— TASK GOAL —
Go through the data and copy each line that holds "last".

— TASK INPUT —
(* Let $R$ be a ring and let $\mathfrak{p}$ be a proper left ideal of $R$. The following statements are equivalent: (1) $\mathfrak{p}$ is weakly prime. (2) For left ideals $A,B$ of $R$ both containing $\mathfrak{p}$, $AB\subseteq\mathfrak{p}$ implies $A=\mathfrak{p}$ or $B=\mathfrak{p}$. (3) For left ideals $A,B$ of $R$, $(A+\mathfrak{p})(B+\mathfrak{p})\subseteq\mathfrak{p}$ implies $A\subseteq\mathfrak{p}$ or $B\subseteq\mathfrak{p}$. (4) For left ideals $A,B$ of $R$, $AB\subseteq\mathfrak{p}$ and $\mathfrak{p}\subseteq A$ imply $\mathfrak{p}=A$ or $B\subseteq\mathfrak{p}$. (5) For left ideals $A,B$ of $R$, $(A+\mathfrak{p})B\subseteq\mathfrak{p}$ implies $A\subseteq\mathfrak{p}$ or $B\subseteq\mathfrak{p}$. (6) For $a,b\in R$, $(a+\mathfrak{p})R(b+\mathfrak{p})\subseteq\mathfrak{p}$ implies $a\in\mathfrak{p}$ or $b\in\mathfrak{p}$. (7) For every two-sided ideal $A$ of $R$ and every left ideal $B$ of $R$, $AB\subseteq\mathfrak{p}$ and $\mathfrak{p}B\subseteq\mathfrak{p}$ imply $A\subseteq\mathfrak{p}$ or $B\subseteq\mathfrak{p}$. (8) For $a,b\in R$, $aRb\subseteq\mathfrak{p}$ and $\mathfrak{p}Rb\subseteq\mathfrak{p}$ imply $a\in\mathfrak{p}$ or $b\in\mathfrak{p}$.
   Context: Rings are associative and unital, not necessarily commutative. A left ideal $\mathfrak{p}$ of $R$ is weakly prime if $\mathfrak{p}\neq R$ and, for all left ideals $A,B$ of $R$, $AB\subseteq\mathfrak{p}$ and $\mathfrak{p}B\subseteq\mathfrak{p}$ imply $A\subseteq\mathfrak{p}$ or $B\subseteq\mathfrak{p}$. For subsets, $(a+\mathfrak{p})R(b+\mathfrak{p})$ denotes the set of all products $xry$ with $x\in a+\mathfrak{p}$, $r\in R$, $y\in b+\mathfrak{p}$. *)

From mathcomp Require Import all_boot all_algebra.
Set Implicit Arguments. Unset Strict Implicit. Unset Printing Implicit Defensive.
Import GRing.Theory.
Local Open Scope ring_scope.

Section Defs.
Variable R : nzRingType.

Definition subsetR (A B : R -> Prop) : Prop := forall x, A x -> B x.

Definition left_ideal (A : R -> Prop) : Prop :=
  [/\ A 0, (forall x y, A x -> A y -> A (x - y)) & (forall r x, A x -> A (r * x))].

Definition two_sided_ideal (A : R -> Prop) : Prop :=
  left_ideal A /\ (forall x r, A x -> A (x * r)).

Definition proper_set (p : R -> Prop) : Prop := exists x, ~ p x.

Inductive prodset (A B : R -> Prop) : R -> Prop :=
  | prodset0 : prodset A B 0
  | prodset_mul a b : A a -> B b -> prodset A B (a * b)
  | prodset_add x y : prodset A B x -> prodset A B y -> prodset A B (x + y).

Definition sumset (A B : R -> Prop) : R -> Prop :=
  fun z => exists a b, [/\ A a, B b & z = a + b].

Definition coset (a : R) (p : R -> Prop) : R -> Prop :=
  fun z => exists q, p q /\ z = a + q.

Definition triple_prod (X Y : R -> Prop) : R -> Prop :=
  fun z => exists x r y, [/\ X x, Y y & z = x * r * y].

Definition weakly_prime (p : R -> Prop) : Prop :=
  proper_set p /\
  forall A B, left_ideal A -> left_ideal B ->
    subsetR (prodset A B) p -> subsetR (prodset p B) p ->
    subsetR A p \/ subsetR B p.

End Defs.

(* Since [p] is a left ideal, [X (B + p) <= p] iff [X B <= p], and
   [(A + p) B <= p] iff both [A B <= p] and [p B <= p]; with these two facts
   conditions (1)-(5) are reformulations of one another.  The elementwise
   condition (8) follows from (7) applied to the two-sided ideal
   [{x | x R b <= p}] and the left ideal [R b]; conversely, for [a] in
   [A \ p] and [b] in [B] one has [a R b <= A B] and [p R b <= p B].  The
   cosets of (6) are handled by [q r b = (a + q) r b - a r b]. *)

From mathcomp Require Import all_boot all_algebra.
From Stdlib Require Import Classical FunctionalExtensionality PropExtensionality.

Import GRing.Theory.
Local Open Scope ring_scope.

Set Implicit Arguments.
Unset Strict Implicit.

Section LeftIdeals.
Variable R : nzRingType.
Implicit Types (A B C X : R -> Prop) (a b q r x y : R).

Lemma left_ideal0 C : left_ideal C -> C 0.
Proof. by case. Qed.

Lemma left_idealB C x y : left_ideal C -> C x -> C y -> C (x - y).
Proof. by case=> _ + _; apply. Qed.

Lemma left_idealM C r x : left_ideal C -> C x -> C (r * x).
Proof. by case=> _ _; apply. Qed.

Lemma left_idealD C x y : left_ideal C -> C x -> C y -> C (x + y).
Proof.
move=> hC Cx Cy; have Cny : C (- y).
  by rewrite -sub0r; apply: left_idealB => //; apply: left_ideal0.
by rewrite -[y]opprK; apply: left_idealB.
Qed.

Lemma subsetR_antisym A B : subsetR A B -> subsetR B A -> A = B.
Proof.
move=> hAB hBA; apply: functional_extensionality => x.
by apply: propositional_extensionality; split; [apply: hAB | apply: hBA].
Qed.

Lemma prodset_sub A B C : left_ideal C ->
  (forall a b, A a -> B b -> C (a * b)) -> subsetR (prodset A B) C.
Proof.
move=> hC hAB x; elim=> [|a b|x1 y1 _ Cx1 _ Cy1];
  [exact: left_ideal0 | exact: hAB | exact: left_idealD].
Qed.

Lemma prodsetS A (A' : R -> Prop) B (B' : R -> Prop) :
  subsetR A A' -> subsetR B B' -> subsetR (prodset A B) (prodset A' B').
Proof.
move=> hA hB x; elim=> [|a b Aa Bb|x1 y1 _ h1 _ h2]; last exact: prodset_add.
  exact: prodset0.
by apply: prodset_mul; [apply: hA | apply: hB].
Qed.

Lemma sumset_left_ideal A B :
  left_ideal A -> left_ideal B -> left_ideal (sumset A B).
Proof.
move=> hA hB; split.
- by exists 0, 0; rewrite addr0; split=> //; apply: left_ideal0.
- move=> _ _ [a [b [Aa Bb ->]]] [a' [b' [Aa' Bb' ->]]].
  exists (a - a'), (b - b'); rewrite opprD addrACA.
  by split=> //; apply: left_idealB.
- move=> r _ [a [b [Aa Bb ->]]]; exists (r * a), (r * b); rewrite mulrDr.
  by split=> //; apply: left_idealM.
Qed.

Lemma subset_sumsetl A B : B 0 -> subsetR A (sumset A B).
Proof. by move=> B0 a Aa; exists a, 0; rewrite addr0. Qed.

Lemma subset_sumsetr A B : A 0 -> subsetR B (sumset A B).
Proof. by move=> A0 b Bb; exists 0, b; rewrite add0r. Qed.

Lemma sumset_sub A B C : left_ideal C ->
  subsetR A C -> subsetR B C -> subsetR (sumset A B) C.
Proof.
by move=> hC hA hB _ [a [b [Aa Bb ->]]]; apply: left_idealD; [|apply: hA|apply: hB].
Qed.

Lemma sumset_eql A C : left_ideal A -> left_ideal C -> subsetR C A ->
  sumset A C = A.
Proof.
move=> hA hC hCA; apply: subsetR_antisym; first by apply: sumset_sub.
exact: subset_sumsetl (left_ideal0 hC).
Qed.

Lemma prodset_sumsetl_subE A (A' : R -> Prop) B C :
  left_ideal C -> A 0 -> A' 0 ->
  subsetR (prodset (sumset A A') B) C <->
  subsetR (prodset A B) C /\ subsetR (prodset A' B) C.
Proof.
move=> hC A0 A'0; split=> [hAB | [hAB hA'B]].
  by split=> x /prodsetS hx; apply/hAB/hx => //;
    [apply: subset_sumsetl | apply: subset_sumsetr].
apply: prodset_sub => // _ b [a [a' [Aa Aa' ->]]] Bb; rewrite mulrDl.
by apply: left_idealD => //; [apply: hAB | apply: hA'B]; apply: prodset_mul.
Qed.

Lemma prodset_sumsetr_subE X B C : left_ideal C ->
  subsetR (prodset X (sumset B C)) C <-> subsetR (prodset X B) C.
Proof.
move=> hC; split=> [hXB x /prodsetS hx | hXB].
  by apply/hXB/hx => //; apply: subset_sumsetl (left_ideal0 hC).
apply: prodset_sub => // y _ Xy [b [c [Bb Cc ->]]]; rewrite mulrDr.
by apply: left_idealD => //; [apply: hXB; apply: prodset_mul | apply: left_idealM].
Qed.

Lemma coset_refl a C : C 0 -> coset a C a.
Proof. by exists 0; rewrite addr0. Qed.

Definition colon C b : R -> Prop := fun x => forall r, C (x * r * b).

Definition lprincipal b : R -> Prop := fun x => exists t, x = t * b.

Lemma colon_two_sided_ideal C b : left_ideal C -> two_sided_ideal (colon C b).
Proof.
move=> hC; split; first split.
- by move=> r; rewrite !mul0r; apply: left_ideal0.
- by move=> x y hx hy r; rewrite !mulrBl; apply: left_idealB.
- by move=> s x hx r; rewrite -!mulrA; apply: (left_idealM _ hC); rewrite mulrA.
- by move=> x s hx r; rewrite -(mulrA x s r).
Qed.

Lemma lprincipal_left_ideal b : left_ideal (lprincipal b).
Proof.
split.
- by exists 0; rewrite mul0r.
- by move=> _ _ [t ->] [t' ->]; exists (t - t'); rewrite mulrBl.
- by move=> r _ [t ->]; exists (r * t); rewrite mulrA.
Qed.

End LeftIdeals.

Section WeaklyPrime.
Variable R : nzRingType.
Variable p : R -> Prop.
Hypothesis hp : left_ideal p.

Definition over_prime := forall A B : R -> Prop, left_ideal A -> left_ideal B ->
  subsetR p A -> subsetR p B -> subsetR (prodset A B) p -> A = p \/ B = p.

Definition sumset_prime := forall A B : R -> Prop, left_ideal A -> left_ideal B ->
  subsetR (prodset (sumset A p) (sumset B p)) p -> subsetR A p \/ subsetR B p.

Definition over_left_prime := forall A B : R -> Prop, left_ideal A -> left_ideal B ->
  subsetR (prodset A B) p -> subsetR p A -> p = A \/ subsetR B p.

Definition sumsetl_prime := forall A B : R -> Prop, left_ideal A -> left_ideal B ->
  subsetR (prodset (sumset A p) B) p -> subsetR A p \/ subsetR B p.

Definition coset_prime := forall a b : R,
  subsetR (triple_prod (coset a p) (coset b p)) p -> p a \/ p b.

Definition two_sided_prime := forall A B : R -> Prop,
  two_sided_ideal A -> left_ideal B ->
  subsetR (prodset A B) p -> subsetR (prodset p B) p -> subsetR A p \/ subsetR B p.

Definition elem_prime := forall a b : R,
  (forall r, p (a * r * b)) -> (forall q r, p q -> p (q * r * b)) -> p a \/ p b.

Lemma weakly_prime_sumsetlE : proper_set p -> weakly_prime p <-> sumsetl_prime.
Proof.
have p0 := left_ideal0 hp.
move=> hprop; split=> [[_ wp] A B hA hB | sp].
  by move/(prodset_sumsetl_subE _ hp (left_ideal0 hA) p0) => [hAB hpB]; apply: wp.
split=> // A B hA hB hAB hpB; apply: sp => //.
exact/(prodset_sumsetl_subE _ hp (left_ideal0 hA) p0).
Qed.

Lemma sumsetl_sumset_primeE : sumsetl_prime <-> sumset_prime.
Proof.
by split=> h A B hA hB /(prodset_sumsetr_subE _ _ hp); apply: h.
Qed.

Lemma sumset_over_primeE : sumset_prime <-> over_prime.
Proof.
split=> [sp A B hA hB hpA hpB hAB | op A B hA hB hAB].
  have [hAp | hBp] : subsetR A p \/ subsetR B p.
    by apply: sp; rewrite // !sumset_eql.
  - by left; apply: subsetR_antisym.
  - by right; apply: subsetR_antisym.
have [eA | eB] := op _ _ (sumset_left_ideal hA hp) (sumset_left_ideal hB hp)
  (subset_sumsetr (left_ideal0 hA)) (subset_sumsetr (left_ideal0 hB)) hAB.
- by left; rewrite -eA; apply: subset_sumsetl (left_ideal0 hp).
- by right; rewrite -eB; apply: subset_sumsetl (left_ideal0 hp).
Qed.

Lemma weakly_prime_over_left : weakly_prime p -> over_left_prime.
Proof.
move=> [_ wp] A B hA hB hAB hpA.
have hpB : subsetR (prodset p B) p by move=> x /prodsetS hx; apply/hAB/hx.
have [hAp | hBp] := wp A B hA hB hAB hpB; last by right.
by left; apply: subsetR_antisym.
Qed.

Lemma over_left_sumsetl_prime : over_left_prime -> sumsetl_prime.
Proof.
move=> olp A B hA hB hAB.
have [eA | hBp] := olp _ _ (sumset_left_ideal hA hp) hB hAB
  (subset_sumsetr (left_ideal0 hA)); last by right.
by left; rewrite eA; apply: subset_sumsetl (left_ideal0 hp).
Qed.

Lemma weakly_prime_two_sided : weakly_prime p -> two_sided_prime.
Proof. by move=> [_ wp] A B [hA _]; apply: wp. Qed.

Lemma two_sided_elem_prime : two_sided_prime -> elem_prime.
Proof.
move=> tp a b haRb hpRb.
have hAB : subsetR (prodset (colon p b) (lprincipal b)) p.
  by apply: prodset_sub => // x _ hx [t ->]; rewrite mulrA.
have hpB : subsetR (prodset p (lprincipal b)) p.
  by apply: prodset_sub => // q _ hq [t ->]; rewrite mulrA; apply: hpRb.
have [hA | hB] :=
  tp _ _ (colon_two_sided_ideal b hp) (lprincipal_left_ideal b) hAB hpB.
- by left; apply: hA.
- by right; apply: hB; exists 1; rewrite mul1r.
Qed.

Lemma elem_weakly_prime : proper_set p -> elem_prime -> weakly_prime p.
Proof.
move=> hprop ep; split=> // A B hA hB hAB hpB.
case: (classic (subsetR A p)) => [|/not_all_ex_not [a naA]]; first by left.
have [Aa npa] := imply_to_and _ _ naA.
right=> b Bb.
have haRb r : p (a * r * b).
  by rewrite -mulrA; apply: hAB; apply: prodset_mul => //; apply: left_idealM.
have hpRb q r : p q -> p (q * r * b).
  by move=> pq; rewrite -mulrA; apply: hpB; apply: prodset_mul => //; apply: left_idealM.
by case: (ep a b haRb hpRb).
Qed.

Lemma coset_elem_primeE : coset_prime <-> elem_prime.
Proof.
have p0 := left_ideal0 hp.
split=> [cp a b haRb hpRb | ep a b hab]; apply: cp || apply: ep.
- move=> _ [_ [r [_ [[q [pq ->]] [q' [pq' ->]] ->]]]].
  rewrite mulrDr [(a + q) * r]mulrDl mulrDl.
  apply: left_idealD => //; last exact: left_idealM.
  by apply: left_idealD; [| apply: haRb | apply: hpRb].
- by move=> r; apply: hab; exists a, r, b; split=> //; apply: coset_refl.
- move=> q r pq; have -> : q * r * b = (a + q) * r * b - a * r * b.
    by rewrite !mulrDl addrAC subrr add0r.
  apply: left_idealB => //; apply: hab.
    by exists (a + q), r, b; split=> //; [exists q | apply: coset_refl].
  by exists a, r, b; split=> //; apply: coset_refl.
Qed.

End WeaklyPrime.

Theorem proposition2p21 (R : nzRingType) (p : R -> Prop)
    (hp : left_ideal p) (hprop : proper_set p) :
  [<->
   (* (1) *) weakly_prime p;
   (* (2) *) (forall A B : R -> Prop, left_ideal A -> left_ideal B ->
                subsetR p A -> subsetR p B ->
                subsetR (prodset A B) p -> A = p \/ B = p);
   (* (3) *) (forall A B : R -> Prop, left_ideal A -> left_ideal B ->
                subsetR (prodset (sumset A p) (sumset B p)) p ->
                subsetR A p \/ subsetR B p);
   (* (4) *) (forall A B : R -> Prop, left_ideal A -> left_ideal B ->
                subsetR (prodset A B) p -> subsetR p A ->
                p = A \/ subsetR B p);
   (* (5) *) (forall A B : R -> Prop, left_ideal A -> left_ideal B ->
                subsetR (prodset (sumset A p) B) p ->
                subsetR A p \/ subsetR B p);
   (* (6) *) (forall a b : R,
                subsetR (triple_prod (coset a p) (coset b p)) p ->
                p a \/ p b);
   (* (7) *) (forall A B : R -> Prop, two_sided_ideal A -> left_ideal B ->
                subsetR (prodset A B) p -> subsetR (prodset p B) p ->
                subsetR A p \/ subsetR B p);
   (* (8) *) (forall a b : R,
                (forall r, p (a * r * b)) ->
                (forall q r, p q -> p (q * r * b)) ->
                p a \/ p b)].
Proof.
have e15 := weakly_prime_sumsetlE hp hprop.
have e53 := sumsetl_sumset_primeE hp.
have e32 := sumset_over_primeE hp.
have e68 := coset_elem_primeE hp.
have e81 := elem_weakly_prime hprop.
have e17 := weakly_prime_two_sided (p := p).
have e78 := two_sided_elem_prime hp.
tfae.
- by move/e15/e53/e32.
- by move/e32.
- by move/e53/e15/weakly_prime_over_left.
- exact: over_left_sumsetl_prime.
- by move/e15/e17/e78/e68.
- by move/e68/e81/e17.
- exact: e78.
- exact: e81.
Qed.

— ANSWER AREA —
move=> hA hB x; elim=> [|a b Aa Bb|x1 y1 _ h1 _ h2]; last exact: prodset_add.
have [hAp | hBp] := wp A B hA hB hAB hpB; last by right.
  (subset_sumsetr (left_ideal0 hA)); last by right.
  apply: left_idealD => //; last exact: left_idealM.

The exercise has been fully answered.